● **Task goal**
Scan the lines below for "nodes" and copy the matches.

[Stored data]
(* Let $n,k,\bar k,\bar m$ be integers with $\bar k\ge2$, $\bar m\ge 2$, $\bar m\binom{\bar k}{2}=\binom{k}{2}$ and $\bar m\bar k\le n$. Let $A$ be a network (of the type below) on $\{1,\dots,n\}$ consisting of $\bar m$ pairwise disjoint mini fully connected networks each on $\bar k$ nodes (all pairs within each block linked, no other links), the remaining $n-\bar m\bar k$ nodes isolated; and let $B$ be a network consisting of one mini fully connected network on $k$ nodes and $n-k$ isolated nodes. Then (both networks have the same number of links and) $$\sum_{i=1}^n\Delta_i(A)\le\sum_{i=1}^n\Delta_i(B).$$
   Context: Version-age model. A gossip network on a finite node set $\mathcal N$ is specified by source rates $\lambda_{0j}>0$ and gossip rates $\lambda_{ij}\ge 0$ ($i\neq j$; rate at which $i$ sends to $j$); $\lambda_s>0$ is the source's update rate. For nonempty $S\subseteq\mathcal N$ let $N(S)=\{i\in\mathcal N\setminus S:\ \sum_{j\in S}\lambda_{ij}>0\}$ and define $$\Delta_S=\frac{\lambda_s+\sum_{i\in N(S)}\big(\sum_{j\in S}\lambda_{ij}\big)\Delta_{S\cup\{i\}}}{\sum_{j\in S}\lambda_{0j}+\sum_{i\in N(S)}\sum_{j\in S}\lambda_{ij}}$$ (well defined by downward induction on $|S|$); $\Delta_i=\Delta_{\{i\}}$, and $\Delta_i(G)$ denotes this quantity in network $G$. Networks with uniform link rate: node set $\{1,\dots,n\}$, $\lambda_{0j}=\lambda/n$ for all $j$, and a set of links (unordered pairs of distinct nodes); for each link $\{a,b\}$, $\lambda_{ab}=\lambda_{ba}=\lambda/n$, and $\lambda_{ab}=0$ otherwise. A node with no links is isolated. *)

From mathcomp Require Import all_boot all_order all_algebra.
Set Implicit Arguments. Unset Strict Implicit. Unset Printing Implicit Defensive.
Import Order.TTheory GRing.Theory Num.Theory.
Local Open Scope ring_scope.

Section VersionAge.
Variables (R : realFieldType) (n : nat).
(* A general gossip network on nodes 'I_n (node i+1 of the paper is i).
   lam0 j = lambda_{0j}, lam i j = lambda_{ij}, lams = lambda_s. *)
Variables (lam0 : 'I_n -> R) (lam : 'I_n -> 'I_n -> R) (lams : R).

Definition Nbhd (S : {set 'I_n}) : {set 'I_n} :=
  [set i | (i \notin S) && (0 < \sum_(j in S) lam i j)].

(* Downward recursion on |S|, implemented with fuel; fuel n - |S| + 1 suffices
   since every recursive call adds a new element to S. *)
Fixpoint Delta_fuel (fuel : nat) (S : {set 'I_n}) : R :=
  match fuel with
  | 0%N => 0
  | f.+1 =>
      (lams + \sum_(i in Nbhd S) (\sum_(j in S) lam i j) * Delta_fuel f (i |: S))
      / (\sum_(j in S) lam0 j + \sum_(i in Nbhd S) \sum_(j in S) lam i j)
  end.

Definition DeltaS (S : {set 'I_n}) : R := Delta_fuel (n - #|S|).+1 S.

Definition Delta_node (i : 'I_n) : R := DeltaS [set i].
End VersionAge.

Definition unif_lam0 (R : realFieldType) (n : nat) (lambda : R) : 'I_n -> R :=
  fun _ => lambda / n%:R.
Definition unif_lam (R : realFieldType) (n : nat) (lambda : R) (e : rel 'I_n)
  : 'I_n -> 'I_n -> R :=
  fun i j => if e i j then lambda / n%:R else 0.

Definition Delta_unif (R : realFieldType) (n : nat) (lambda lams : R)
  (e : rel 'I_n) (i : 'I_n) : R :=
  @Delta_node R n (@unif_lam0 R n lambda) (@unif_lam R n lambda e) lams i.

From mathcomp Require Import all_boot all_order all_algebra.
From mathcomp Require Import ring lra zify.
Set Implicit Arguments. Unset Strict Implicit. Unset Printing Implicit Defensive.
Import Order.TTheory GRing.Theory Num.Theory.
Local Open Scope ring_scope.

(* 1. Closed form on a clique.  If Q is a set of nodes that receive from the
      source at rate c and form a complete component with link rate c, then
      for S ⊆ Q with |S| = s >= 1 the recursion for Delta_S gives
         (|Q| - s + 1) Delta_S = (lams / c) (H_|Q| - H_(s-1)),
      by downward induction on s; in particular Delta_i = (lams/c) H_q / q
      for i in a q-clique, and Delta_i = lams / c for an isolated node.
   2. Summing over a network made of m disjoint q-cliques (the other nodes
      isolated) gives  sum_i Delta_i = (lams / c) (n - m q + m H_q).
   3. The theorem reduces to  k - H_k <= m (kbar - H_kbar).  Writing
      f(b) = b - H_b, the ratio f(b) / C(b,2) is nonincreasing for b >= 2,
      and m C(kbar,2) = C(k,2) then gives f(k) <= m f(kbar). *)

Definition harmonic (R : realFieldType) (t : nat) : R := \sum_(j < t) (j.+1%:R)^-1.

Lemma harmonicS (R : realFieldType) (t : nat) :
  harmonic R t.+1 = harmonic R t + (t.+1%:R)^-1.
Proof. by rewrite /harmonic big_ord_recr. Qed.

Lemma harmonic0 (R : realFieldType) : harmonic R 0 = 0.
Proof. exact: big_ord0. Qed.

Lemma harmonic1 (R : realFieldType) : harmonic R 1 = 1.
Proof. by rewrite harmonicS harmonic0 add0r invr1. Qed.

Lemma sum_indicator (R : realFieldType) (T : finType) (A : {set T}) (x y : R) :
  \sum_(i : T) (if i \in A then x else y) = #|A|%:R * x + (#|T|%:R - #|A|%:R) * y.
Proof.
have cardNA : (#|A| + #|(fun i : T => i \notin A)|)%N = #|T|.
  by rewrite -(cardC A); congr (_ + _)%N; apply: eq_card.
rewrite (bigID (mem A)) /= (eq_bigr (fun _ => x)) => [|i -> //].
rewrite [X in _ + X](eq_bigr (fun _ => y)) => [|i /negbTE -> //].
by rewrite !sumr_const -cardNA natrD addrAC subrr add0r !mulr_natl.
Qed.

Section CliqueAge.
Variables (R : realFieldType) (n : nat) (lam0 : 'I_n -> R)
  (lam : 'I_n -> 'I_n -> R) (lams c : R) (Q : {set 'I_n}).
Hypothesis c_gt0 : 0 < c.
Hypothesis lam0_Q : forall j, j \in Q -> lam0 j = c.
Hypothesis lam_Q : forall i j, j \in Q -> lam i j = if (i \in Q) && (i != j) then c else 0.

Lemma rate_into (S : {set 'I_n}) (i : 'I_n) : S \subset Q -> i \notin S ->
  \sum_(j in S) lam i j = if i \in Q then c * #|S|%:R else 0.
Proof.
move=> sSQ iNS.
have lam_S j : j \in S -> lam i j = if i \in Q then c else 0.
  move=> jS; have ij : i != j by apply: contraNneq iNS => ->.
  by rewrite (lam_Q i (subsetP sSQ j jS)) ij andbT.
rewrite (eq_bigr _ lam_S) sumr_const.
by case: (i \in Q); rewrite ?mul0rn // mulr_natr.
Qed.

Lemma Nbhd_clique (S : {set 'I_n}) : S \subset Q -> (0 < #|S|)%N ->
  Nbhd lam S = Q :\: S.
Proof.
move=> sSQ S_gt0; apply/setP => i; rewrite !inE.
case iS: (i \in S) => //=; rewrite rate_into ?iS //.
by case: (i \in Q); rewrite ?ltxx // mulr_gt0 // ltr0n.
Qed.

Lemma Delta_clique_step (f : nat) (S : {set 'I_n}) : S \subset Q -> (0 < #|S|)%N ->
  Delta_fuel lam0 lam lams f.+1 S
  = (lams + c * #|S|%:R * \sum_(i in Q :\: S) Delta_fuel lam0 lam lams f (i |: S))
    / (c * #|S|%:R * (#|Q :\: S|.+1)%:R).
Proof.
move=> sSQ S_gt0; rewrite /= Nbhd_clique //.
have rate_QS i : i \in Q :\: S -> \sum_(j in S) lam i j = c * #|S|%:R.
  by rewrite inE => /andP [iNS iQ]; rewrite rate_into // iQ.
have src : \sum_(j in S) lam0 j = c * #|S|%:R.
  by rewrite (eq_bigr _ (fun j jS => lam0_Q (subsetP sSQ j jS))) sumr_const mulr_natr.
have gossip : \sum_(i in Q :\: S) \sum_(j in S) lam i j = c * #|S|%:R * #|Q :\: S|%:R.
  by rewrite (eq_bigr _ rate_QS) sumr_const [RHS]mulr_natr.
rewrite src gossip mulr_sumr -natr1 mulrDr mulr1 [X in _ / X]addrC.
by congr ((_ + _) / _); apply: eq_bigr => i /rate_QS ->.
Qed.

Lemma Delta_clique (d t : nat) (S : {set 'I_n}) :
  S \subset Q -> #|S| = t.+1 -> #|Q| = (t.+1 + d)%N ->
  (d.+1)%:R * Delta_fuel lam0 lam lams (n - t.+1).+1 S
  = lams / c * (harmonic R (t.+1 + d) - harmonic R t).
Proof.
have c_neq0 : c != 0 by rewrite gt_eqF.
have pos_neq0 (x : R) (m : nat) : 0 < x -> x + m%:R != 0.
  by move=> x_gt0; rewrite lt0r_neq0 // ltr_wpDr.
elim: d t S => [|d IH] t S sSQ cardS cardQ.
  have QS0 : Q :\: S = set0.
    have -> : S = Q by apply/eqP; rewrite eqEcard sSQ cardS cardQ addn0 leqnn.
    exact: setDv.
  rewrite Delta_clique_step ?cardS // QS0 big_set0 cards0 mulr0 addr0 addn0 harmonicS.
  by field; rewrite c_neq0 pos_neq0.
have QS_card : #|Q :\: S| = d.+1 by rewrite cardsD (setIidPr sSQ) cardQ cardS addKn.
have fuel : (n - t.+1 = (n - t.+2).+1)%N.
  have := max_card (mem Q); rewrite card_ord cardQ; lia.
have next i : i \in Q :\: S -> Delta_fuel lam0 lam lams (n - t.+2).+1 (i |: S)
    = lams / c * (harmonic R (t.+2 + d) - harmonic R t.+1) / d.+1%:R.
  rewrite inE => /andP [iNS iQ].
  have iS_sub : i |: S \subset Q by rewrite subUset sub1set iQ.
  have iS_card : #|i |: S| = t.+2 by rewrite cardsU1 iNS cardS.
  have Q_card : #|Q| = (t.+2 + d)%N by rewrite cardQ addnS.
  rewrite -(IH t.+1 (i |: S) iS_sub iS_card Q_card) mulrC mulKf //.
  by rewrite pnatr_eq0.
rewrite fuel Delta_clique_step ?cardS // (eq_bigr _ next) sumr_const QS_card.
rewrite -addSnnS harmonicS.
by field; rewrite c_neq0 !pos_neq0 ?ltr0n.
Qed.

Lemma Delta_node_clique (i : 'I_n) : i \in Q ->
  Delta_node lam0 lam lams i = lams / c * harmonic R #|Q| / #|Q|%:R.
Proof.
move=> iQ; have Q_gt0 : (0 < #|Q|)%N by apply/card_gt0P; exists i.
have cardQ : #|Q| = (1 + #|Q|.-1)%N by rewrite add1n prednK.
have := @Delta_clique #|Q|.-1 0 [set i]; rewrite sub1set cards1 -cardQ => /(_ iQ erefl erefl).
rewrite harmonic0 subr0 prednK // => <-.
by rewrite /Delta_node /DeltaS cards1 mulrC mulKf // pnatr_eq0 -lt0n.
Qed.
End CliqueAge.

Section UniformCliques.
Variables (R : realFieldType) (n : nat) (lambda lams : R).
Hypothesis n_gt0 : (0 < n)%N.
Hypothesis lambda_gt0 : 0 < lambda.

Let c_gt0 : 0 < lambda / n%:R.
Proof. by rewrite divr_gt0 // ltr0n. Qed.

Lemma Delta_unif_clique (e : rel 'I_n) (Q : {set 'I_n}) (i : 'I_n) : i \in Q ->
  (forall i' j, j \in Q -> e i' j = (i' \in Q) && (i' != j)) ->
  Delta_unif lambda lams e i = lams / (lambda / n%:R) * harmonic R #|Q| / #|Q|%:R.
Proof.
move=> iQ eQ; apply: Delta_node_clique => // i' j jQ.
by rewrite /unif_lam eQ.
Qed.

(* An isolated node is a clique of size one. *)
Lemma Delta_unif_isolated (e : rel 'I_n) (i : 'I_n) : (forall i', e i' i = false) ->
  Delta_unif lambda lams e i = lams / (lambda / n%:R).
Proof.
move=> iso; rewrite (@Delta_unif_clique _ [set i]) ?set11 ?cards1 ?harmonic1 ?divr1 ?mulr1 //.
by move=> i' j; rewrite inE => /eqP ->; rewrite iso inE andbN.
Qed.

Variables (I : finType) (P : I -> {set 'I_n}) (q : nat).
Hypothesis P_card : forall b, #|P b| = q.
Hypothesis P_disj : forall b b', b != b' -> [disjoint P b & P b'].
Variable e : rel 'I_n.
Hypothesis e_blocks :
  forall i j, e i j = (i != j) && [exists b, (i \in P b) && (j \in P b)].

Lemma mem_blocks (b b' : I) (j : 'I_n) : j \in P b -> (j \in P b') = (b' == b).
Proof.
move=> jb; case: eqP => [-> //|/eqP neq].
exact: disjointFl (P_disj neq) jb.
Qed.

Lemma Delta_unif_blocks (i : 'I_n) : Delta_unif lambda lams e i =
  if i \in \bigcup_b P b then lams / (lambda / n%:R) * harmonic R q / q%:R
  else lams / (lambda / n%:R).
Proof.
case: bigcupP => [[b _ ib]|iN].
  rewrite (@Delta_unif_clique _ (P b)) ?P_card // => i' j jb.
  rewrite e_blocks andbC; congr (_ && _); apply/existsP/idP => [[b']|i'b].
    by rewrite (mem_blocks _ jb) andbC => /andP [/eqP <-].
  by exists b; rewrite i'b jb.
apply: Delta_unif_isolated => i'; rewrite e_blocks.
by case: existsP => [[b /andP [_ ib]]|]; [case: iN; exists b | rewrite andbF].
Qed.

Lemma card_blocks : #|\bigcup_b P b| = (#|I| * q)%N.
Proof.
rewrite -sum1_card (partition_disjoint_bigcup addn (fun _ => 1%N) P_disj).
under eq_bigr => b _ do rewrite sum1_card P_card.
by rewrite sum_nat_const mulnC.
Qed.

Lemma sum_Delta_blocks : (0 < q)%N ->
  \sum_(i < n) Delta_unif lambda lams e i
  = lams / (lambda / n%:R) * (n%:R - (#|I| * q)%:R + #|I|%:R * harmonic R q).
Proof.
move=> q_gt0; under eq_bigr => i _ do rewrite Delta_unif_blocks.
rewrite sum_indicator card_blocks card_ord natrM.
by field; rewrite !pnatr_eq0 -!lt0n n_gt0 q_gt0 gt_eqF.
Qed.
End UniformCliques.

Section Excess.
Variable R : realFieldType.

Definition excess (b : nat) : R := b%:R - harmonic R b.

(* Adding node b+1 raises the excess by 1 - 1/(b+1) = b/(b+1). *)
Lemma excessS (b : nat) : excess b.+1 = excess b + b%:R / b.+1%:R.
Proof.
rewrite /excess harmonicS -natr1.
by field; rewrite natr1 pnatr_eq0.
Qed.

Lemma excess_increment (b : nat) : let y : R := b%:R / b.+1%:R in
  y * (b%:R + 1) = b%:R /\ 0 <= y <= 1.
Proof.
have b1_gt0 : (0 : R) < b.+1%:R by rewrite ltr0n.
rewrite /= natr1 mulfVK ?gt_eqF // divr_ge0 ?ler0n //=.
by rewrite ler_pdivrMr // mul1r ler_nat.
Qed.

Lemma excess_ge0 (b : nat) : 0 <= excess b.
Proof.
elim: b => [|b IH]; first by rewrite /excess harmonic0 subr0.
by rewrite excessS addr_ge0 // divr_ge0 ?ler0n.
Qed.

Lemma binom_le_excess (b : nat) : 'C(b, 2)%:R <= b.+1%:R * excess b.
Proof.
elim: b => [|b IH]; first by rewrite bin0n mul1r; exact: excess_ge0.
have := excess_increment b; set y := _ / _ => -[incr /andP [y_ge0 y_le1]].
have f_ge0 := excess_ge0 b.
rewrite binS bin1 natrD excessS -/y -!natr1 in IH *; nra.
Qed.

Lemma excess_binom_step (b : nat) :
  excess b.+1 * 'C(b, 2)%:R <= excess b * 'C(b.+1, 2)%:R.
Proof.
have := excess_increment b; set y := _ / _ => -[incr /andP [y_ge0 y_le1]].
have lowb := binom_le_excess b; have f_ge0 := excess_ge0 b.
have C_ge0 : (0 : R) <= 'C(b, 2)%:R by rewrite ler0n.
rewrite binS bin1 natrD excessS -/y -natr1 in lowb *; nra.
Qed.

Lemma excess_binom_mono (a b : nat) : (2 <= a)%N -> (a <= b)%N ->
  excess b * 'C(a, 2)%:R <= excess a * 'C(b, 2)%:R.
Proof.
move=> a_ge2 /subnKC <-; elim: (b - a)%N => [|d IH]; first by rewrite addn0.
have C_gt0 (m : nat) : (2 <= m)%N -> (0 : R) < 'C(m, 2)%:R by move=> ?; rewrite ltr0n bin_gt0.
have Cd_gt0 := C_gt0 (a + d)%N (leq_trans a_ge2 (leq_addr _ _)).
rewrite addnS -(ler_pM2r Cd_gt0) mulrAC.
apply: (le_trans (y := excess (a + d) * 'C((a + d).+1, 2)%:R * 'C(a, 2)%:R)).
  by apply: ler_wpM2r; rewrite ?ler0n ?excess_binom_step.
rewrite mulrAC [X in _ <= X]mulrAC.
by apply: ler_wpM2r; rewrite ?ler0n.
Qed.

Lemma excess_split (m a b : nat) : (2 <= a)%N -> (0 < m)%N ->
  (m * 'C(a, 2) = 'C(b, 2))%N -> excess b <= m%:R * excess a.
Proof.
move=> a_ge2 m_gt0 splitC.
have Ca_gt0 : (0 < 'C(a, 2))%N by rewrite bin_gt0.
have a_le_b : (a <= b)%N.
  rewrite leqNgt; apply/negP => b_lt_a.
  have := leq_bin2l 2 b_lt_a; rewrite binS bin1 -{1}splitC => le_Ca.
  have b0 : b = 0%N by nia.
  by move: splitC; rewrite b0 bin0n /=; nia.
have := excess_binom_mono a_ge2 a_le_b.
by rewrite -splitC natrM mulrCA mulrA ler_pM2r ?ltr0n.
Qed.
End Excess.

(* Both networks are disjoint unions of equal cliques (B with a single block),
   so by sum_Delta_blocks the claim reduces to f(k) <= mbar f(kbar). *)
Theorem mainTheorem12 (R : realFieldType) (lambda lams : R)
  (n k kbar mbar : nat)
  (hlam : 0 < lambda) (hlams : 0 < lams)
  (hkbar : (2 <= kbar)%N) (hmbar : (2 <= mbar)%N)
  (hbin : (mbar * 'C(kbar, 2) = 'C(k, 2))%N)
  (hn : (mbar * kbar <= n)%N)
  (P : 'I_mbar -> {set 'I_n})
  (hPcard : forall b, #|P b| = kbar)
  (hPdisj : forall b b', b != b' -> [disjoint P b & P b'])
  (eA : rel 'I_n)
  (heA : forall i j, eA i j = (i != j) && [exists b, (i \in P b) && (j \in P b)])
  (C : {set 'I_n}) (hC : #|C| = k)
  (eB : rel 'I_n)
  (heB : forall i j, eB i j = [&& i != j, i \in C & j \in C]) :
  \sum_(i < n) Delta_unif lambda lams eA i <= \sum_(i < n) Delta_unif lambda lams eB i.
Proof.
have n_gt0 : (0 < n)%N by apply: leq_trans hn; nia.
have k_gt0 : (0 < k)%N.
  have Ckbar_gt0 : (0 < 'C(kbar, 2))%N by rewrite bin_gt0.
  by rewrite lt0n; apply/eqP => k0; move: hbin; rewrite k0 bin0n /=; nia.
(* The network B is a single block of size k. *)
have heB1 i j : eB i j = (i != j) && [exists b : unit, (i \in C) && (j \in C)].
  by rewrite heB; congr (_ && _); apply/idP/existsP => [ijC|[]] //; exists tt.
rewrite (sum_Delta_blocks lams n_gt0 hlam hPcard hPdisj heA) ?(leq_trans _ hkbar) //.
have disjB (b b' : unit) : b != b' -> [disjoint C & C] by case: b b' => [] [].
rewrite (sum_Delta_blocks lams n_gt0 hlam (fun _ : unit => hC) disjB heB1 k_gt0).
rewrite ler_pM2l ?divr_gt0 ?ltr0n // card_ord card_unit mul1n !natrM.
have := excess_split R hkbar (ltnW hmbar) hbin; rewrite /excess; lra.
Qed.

* * *

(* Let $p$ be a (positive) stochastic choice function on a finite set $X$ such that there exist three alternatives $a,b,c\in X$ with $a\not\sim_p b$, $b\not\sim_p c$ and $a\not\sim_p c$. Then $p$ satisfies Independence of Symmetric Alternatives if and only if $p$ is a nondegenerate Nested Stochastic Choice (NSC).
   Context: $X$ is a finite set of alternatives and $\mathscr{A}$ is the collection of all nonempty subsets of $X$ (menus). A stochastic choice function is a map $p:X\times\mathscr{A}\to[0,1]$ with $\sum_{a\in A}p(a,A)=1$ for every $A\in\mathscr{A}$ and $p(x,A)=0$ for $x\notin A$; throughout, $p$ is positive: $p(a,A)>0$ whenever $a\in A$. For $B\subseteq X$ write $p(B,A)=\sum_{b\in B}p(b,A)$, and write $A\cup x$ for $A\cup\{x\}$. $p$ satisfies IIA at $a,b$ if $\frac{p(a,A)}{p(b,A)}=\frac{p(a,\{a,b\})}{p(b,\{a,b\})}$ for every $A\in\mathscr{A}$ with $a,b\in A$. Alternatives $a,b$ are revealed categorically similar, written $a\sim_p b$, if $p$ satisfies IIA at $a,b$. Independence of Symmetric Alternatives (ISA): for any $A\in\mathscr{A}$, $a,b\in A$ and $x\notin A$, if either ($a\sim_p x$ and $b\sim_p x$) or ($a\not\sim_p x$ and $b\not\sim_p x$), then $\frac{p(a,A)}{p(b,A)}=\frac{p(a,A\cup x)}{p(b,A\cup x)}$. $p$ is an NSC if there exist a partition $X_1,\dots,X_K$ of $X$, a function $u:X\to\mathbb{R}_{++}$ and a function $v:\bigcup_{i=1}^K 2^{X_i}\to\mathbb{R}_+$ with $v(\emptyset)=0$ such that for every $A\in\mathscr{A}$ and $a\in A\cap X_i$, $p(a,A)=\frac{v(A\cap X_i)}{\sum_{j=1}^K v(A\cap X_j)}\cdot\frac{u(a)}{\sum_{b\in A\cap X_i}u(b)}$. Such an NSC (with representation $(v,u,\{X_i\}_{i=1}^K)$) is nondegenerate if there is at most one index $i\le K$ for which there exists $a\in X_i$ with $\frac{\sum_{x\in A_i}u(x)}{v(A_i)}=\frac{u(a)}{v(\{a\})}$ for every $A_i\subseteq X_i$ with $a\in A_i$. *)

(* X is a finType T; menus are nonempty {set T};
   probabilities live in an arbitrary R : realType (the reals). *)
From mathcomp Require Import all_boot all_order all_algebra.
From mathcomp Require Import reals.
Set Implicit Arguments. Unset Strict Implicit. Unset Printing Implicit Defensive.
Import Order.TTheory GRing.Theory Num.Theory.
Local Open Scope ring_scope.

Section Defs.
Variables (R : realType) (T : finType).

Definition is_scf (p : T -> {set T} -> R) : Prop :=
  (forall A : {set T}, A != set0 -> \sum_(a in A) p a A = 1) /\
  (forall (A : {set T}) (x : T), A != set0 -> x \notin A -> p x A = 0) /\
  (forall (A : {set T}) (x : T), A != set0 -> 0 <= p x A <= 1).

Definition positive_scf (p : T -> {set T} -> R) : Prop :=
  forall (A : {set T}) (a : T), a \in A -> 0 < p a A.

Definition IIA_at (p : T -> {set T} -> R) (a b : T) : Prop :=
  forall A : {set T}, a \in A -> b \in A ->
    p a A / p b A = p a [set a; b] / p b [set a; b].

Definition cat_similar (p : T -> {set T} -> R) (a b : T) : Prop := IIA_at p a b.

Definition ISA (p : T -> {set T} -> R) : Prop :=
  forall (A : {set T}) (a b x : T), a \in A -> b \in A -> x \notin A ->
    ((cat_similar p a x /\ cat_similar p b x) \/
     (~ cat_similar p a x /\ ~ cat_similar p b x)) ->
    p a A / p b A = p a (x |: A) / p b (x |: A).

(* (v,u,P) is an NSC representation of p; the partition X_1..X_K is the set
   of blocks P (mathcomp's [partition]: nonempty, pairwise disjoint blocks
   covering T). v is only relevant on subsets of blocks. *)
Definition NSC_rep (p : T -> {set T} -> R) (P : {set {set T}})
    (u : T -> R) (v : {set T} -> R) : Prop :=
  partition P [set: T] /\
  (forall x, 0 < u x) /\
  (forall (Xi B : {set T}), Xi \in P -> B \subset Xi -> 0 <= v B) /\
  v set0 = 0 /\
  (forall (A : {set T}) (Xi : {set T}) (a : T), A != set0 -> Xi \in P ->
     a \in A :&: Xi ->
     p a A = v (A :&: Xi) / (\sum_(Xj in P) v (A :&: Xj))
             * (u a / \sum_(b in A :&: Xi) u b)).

● **Result of the exercise**
(* Let $n,k,\bar k,\bar m$ be integers with $\bar k\ge2$, $\bar m\ge 2$, $\bar m\binom{\bar k}{2}=\binom{k}{2}$ and $\bar m\bar k\le n$. Let $A$ be a network (of the type below) on $\{1,\dots,n\}$ consisting of $\bar m$ pairwise disjoint mini fully connected networks each on $\bar k$ nodes (all pairs within each block linked, no other links), the remaining $n-\bar m\bar k$ nodes isolated; and let $B$ be a network consisting of one mini fully connected network on $k$ nodes and $n-k$ isolated nodes. Then (both networks have the same number of links and) $$\sum_{i=1}^n\Delta_i(A)\le\sum_{i=1}^n\Delta_i(B).$$
   Context: Version-age model. A gossip network on a finite node set $\mathcal N$ is specified by source rates $\lambda_{0j}>0$ and gossip rates $\lambda_{ij}\ge 0$ ($i\neq j$; rate at which $i$ sends to $j$); $\lambda_s>0$ is the source's update rate. For nonempty $S\subseteq\mathcal N$ let $N(S)=\{i\in\mathcal N\setminus S:\ \sum_{j\in S}\lambda_{ij}>0\}$ and define $$\Delta_S=\frac{\lambda_s+\sum_{i\in N(S)}\big(\sum_{j\in S}\lambda_{ij}\big)\Delta_{S\cup\{i\}}}{\sum_{j\in S}\lambda_{0j}+\sum_{i\in N(S)}\sum_{j\in S}\lambda_{ij}}$$ (well defined by downward induction on $|S|$); $\Delta_i=\Delta_{\{i\}}$, and $\Delta_i(G)$ denotes this quantity in network $G$. Networks with uniform link rate: node set $\{1,\dots,n\}$, $\lambda_{0j}=\lambda/n$ for all $j$, and a set of links (unordered pairs of distinct nodes); for each link $\{a,b\}$, $\lambda_{ab}=\lambda_{ba}=\lambda/n$, and $\lambda_{ab}=0$ otherwise. A node with no links is isolated. *)
(* A general gossip network on nodes 'I_n (node i+1 of the paper is i).
(* 1. Closed form on a clique.  If Q is a set of nodes that receive from the
   2. Summing over a network made of m disjoint q-cliques (the other nodes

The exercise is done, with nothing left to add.